# **Project Name**    - **Yes Bank Stock Closing Price Prediction**



# **Problem Statement**


Yes Bank is a well-known bank in the Indian financial domain. Since 2018, it has been in the news because of the fraud case involving Rana Kapoor. Owing to this fact, it was interesting to see how that impacted the stock prices of the company and whether Time series models or any other predictive models can do justice to such situations. This dataset has monthly stock prices of the bank since its inception and includes closing, starting, hightest, and lowest stock prices of every month.

** **The main objective is to predict the stock's closing price of the month.** **


# ***Let's Begin !***

## ***1. Know Your Data***

### Import Libraries

In [None]:
# Import Libraries
import numpy as np
import pandas as pd
import matplotlib.pyplot as plt
import seaborn as sns



### Dataset Loading

In [None]:
# Load Dataset
from google.colab import drive
drive.mount('/content/drive')


In [None]:
path = '/content/drive/MyDrive/Colab Notebooks/capstone_project_02/data_YesBank_StockPrices.csv'
dataset = pd.read_csv(path)

### Dataset First View

In [None]:
# Dataset First Look
dataset

### Dataset Rows & Columns count

In [None]:
# Dataset Rows & Columns count
dataset.shape 

### Dataset Information

In [None]:
# Dataset Info
dataset.info()

#### Duplicate Values

In [None]:
# Dataset Duplicate Value Count
dataset.duplicated().value_counts()

#### Missing Values/Null Values

In [None]:
# Missing Values/Null Values Count
dataset.isnull().sum()

### The given dataset has 185 observations with 5 features including no missing values and no duplicates values. Date feature is of object type. closing, opening, highest and lowest stock prices are features in float datatypes. 

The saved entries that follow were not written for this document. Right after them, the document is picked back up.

Lemma fourier_indicator (u : U) (al : {set 'I_n}) :
  fourier (fun x => (x == u)%:R : R^o) al = N%:R^-1 * chi al u.
Proof.
rewrite /fourier (bigD1 u) //= big1 ?addr0 => [|x /negbTE xu]; last first.
  by rewrite xu [_ *: _]mulr0.
by rewrite eqxx [X in _ *: X]mulr1.
Qed.

Lemma formal_apply_lowdeg v : formal_apply (@lowdeg R n d) v = Pf v.
Proof.
rewrite /formal_apply /lowdeg /fourier_inv /lowdeg_coef.
under eq_bigr do rewrite scaler_suml; under eq_bigr do under eq_bigr do rewrite fourier_indicator.
rewrite exchange_big big_mkcond /=; apply: eq_bigr => al _.
case: ifP => _; last by rewrite scaler0.
rewrite /fourier !scaler_sumr; apply: eq_bigr => u _.
by rewrite !scalerA mulrC mulrA.
Qed.

Lemma norm4pow4_lowdeg : norm4pow4 (@lowdeg R n d) = N%:R^-1 *: sum_sq2 Pf Pf.
Proof.
rewrite /norm4pow4; congr (_ *: _); apply: eq_bigr => v _.
by rewrite formal_apply_lowdeg -exprD.
Qed.

Lemma junta_coef_lowdeg : junta_coef n d lowdeg_coef.
Proof.
split=> [al|al i _|al]; rewrite /lowdeg_coef.
- case: ifP => _; last exact: deg_le0.
  by apply/deg_leZ/deg_le_sum => u; apply/deg_leZ/deg_le_fvar.
- by rewrite leqNgt ltn_ord.
- by move=> hal; rewrite leqNgt hal.
Qed.

Lemma deg_le_lowdeg u : deg_le (Pf u) 1.
Proof. exact: deg_le_fourier_inv junta_coef_lowdeg. Qed.

Lemma deg_le_sum_sq2_lowdeg : deg_le (sum_sq2 Pf Pf) 4.
Proof. exact: deg_le_sum_sq2 deg_le_lowdeg deg_le_lowdeg. Qed.

(* P_d is an orthogonal projection: <f, P_d f> = <P_d f, P_d f>. *)
Lemma sum_fvar_mul_lowdeg : \sum_(u : U) fvar R u * Pf u = sum_sq Pf.
Proof.
rewrite sum_mul_fourier_inv /sum_sq sum_fourier_inv_sqr; congr (_ *: _).
by apply: eq_bigr => al _; rewrite /lowdeg_coef expr2; case: ifP; rewrite ?mul0r.
Qed.

Lemma sum_sq_sub_lowdeg :
  \sum_(u : U) fvar R u ^+ 2 = \sum_(u : U) (fvar R u - Pf u) ^+ 2 + sum_sq Pf.
Proof.
have e u : fvar R u ^+ 2 = (fvar R u - Pf u) ^+ 2 + Pf u ^+ 2 + (fvar R u * Pf u - Pf u ^+ 2) *+ 2.
  by ring.
rewrite (eq_bigr _ (fun u _ => e u)) big_split [X in X + _ = _]big_split /=.
by rewrite sumrMnl sumrB sum_fvar_mul_lowdeg subrr mul0rn addr0.
Qed.

Variables (r : nat) (E : P -> R).
Hypotheses (hE : pseudo_expectation r E) (hr : (4 <= r)%N).

Lemma pexp_bonami_lowdeg :
  N%:R * E (sum_sq2 Pf Pf) <= 9 ^+ d * E (sum_sq Pf * sum_sq Pf).
Proof.
have dQ : deg_le (sum_sq Pf) 2 by apply: deg_le_sum_sqr deg_le_lowdeg.
have := pexp_le_sos2 hE hr (deg_leMn _ deg_le_sum_sq2_lowdeg) (deg_leMn _ (deg_leM dQ dQ))
          (bonami_junta (leqnn n) junta_coef_lowdeg junta_coef_lowdeg).
by rewrite !(pexpMn hE hr) ?deg_le_sum_sq2_lowdeg ?(deg_leM dQ dQ) // expnD -expnMn natrX.
Qed.

Lemma pexp_sum_sq_lowdeg_le :
  let S := \sum_(u : U) fvar R u ^+ 2 in E (sum_sq Pf * sum_sq Pf) <= E (S * S).
Proof.
have dQ : deg_le (sum_sq Pf) 2 by apply: deg_le_sum_sqr deg_le_lowdeg.
have dS : deg_le (\sum_(u : U) fvar R u ^+ 2) 2 by apply: deg_le_sum_sqr; apply: deg_le_fvar.
apply: (pexp_le_sos2 hE hr (deg_leM dQ dQ) (deg_leM dS dS)).
rewrite sum_sq_sub_lowdeg; apply: sos2_sqr_sub deg_le_lowdeg => u.
by rewrite deg_leB ?deg_le_fvar ?deg_le_lowdeg.
Qed.

End LowDegree.

Theorem theorem2p2 (R : realType) (n d : nat) (hdn : (d <= n)%N) (t : R) :
  tensor_sdp_value 4 (@lowdeg R n d) t -> t <= 9 ^+ d.
Proof.
move=> [E [hE hE0 ->]]; have hr : (4 <= 4)%N by [].
have K0 : 0 < #|{: cube n}|%:R :> R by rewrite ltr0n card_cube_gt0.
have C0 : 0 <= 9 ^+ d :> R by rewrite exprn_ge0.
have bonami := pexp_bonami_lowdeg d hE hr.
have proj := pexp_sum_sq_lowdeg_le d hE hr.
have norm := pexp_sum_fvar_sqr hE hr hE0; rewrite /= in proj norm.
rewrite norm4pow4_lowdeg (pexpZ hE hr) ?deg_le_sum_sq2_lowdeg // ler_pdivrMl //.
nra.
Qed.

## ***2. Understanding Your Variables***

In [None]:
# Convert date column to a proper datetime datatype yyyy-mm-dd.
from datetime import datetime
dataset['Date'] = pd.to_datetime(dataset['Date'].apply(lambda x: datetime.strptime(x, "%b-%y")))

In [None]:
dataset.head()

In [None]:
# Dataset Describe
dataset.describe()

### Variables Description 

We can see from the dataset above, all the variables are quantitive it means it shows numerical values. There is no categorical data present.

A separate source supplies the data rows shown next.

Lemma mul0U u : 0 ** u = 0.
Proof. by apply: (addrI (0 ** u)); rewrite -mulUDl !addr0. Qed.
Lemma mulU0 u : u ** 0 = 0.
Proof. by apply: (addrI (u ** 0)); rewrite -mulUDr !addr0. Qed.
Lemma mulNU u v : (- u) ** v = - (u ** v).
Proof. by apply: (addrI (u ** v)); rewrite -mulUDl !subrr mul0U. Qed.
Lemma mulUN u v : u ** (- v) = - (u ** v).
Proof. by apply: (addrI (u ** v)); rewrite -mulUDr !subrr mulU0. Qed.
Lemma mulrnU u v n : (u *+ n) ** v = (u ** v) *+ n.
Proof. by elim: n => [|n IHn]; rewrite ?mul0U // !mulrS mulUDl IHn. Qed.
Lemma mulUrn u v n : u ** (v *+ n) = (u ** v) *+ n.
Proof. by elim: n => [|n IHn]; rewrite ?mulU0 // !mulrS mulUDr IHn. Qed.
Lemma mulU_suml I (r : seq I) (P : pred I) (f : I -> U) v :
  (\sum_(i <- r | P i) f i) ** v = \sum_(i <- r | P i) f i ** v.
Proof. by apply: (big_morph (mulU^~ v)) => [u w|]; rewrite ?mul0U ?mulUDl. Qed.
Lemma mulU_sumr I (r : seq I) (P : pred I) (f : I -> U) u :
  u ** (\sum_(i <- r | P i) f i) = \sum_(i <- r | P i) u ** f i.
Proof. by apply: (big_morph (mulU u)) => [v w|]; rewrite ?mulU0 ?mulUDr. Qed.

(* Products associate to the left, so an identity for a product of two, three
   or four factors fires inside a longer product only through these. *)
Lemma mulU_lcontext2 u a b r : a ** b = r -> u ** a ** b = u ** r.
Proof. by move=> <-; rewrite mulUA. Qed.
Lemma mulU_lcontext3 u a b c r : a ** b ** c = r -> u ** a ** b ** c = u ** r.
Proof. by move=> <-; rewrite !mulUA. Qed.
Lemma mulU_lcontext4 u a b c e r : a ** b ** c ** e = r -> u ** a ** b ** c ** e = u ** r.
Proof. by move=> <-; rewrite !mulUA. Qed.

*   Date :- The date (Month and Year provided)
*   Open :- The price of the stock at the beginning of a particular time period.
*   Close :- The trading price at the end (in this case end of the month)
*   High :-The Maximum price at which a stock traded during the period.
*   Low :-The Lowest price at which a stock traded during the period.

The main objective is to predict the stock's closing price of the month so the closing price of stock have to be considered as dependent features whereas rest of the features are independent features.

In [None]:
# Setting date coloum as index as we need to track variation in stock price on different dates.
dataset.set_index('Date', inplace = True)

In [None]:
dependent_variable = 'Close'
independent_variables =list(set(dataset.columns.tolist())-{dependent_variable})
independent_variables

## ** Data Vizualization, Storytelling & Experimenting with charts : Understand the relationships between variables***

**Assumptions:**

The multiple regression model is based on a following assumptions:


* **Linearity:** There should be linear relationship between the dependent and independent variables.

*   **Normality:** Residual should be normally distributed with mear zero and constant variance σ2


*   **Homoscedasticity:** It means that the variance around the regression line is the same for all values of the predictor variable i.e Close 

*   **Multicollinearity:** There should not be multicollinearity in regression model.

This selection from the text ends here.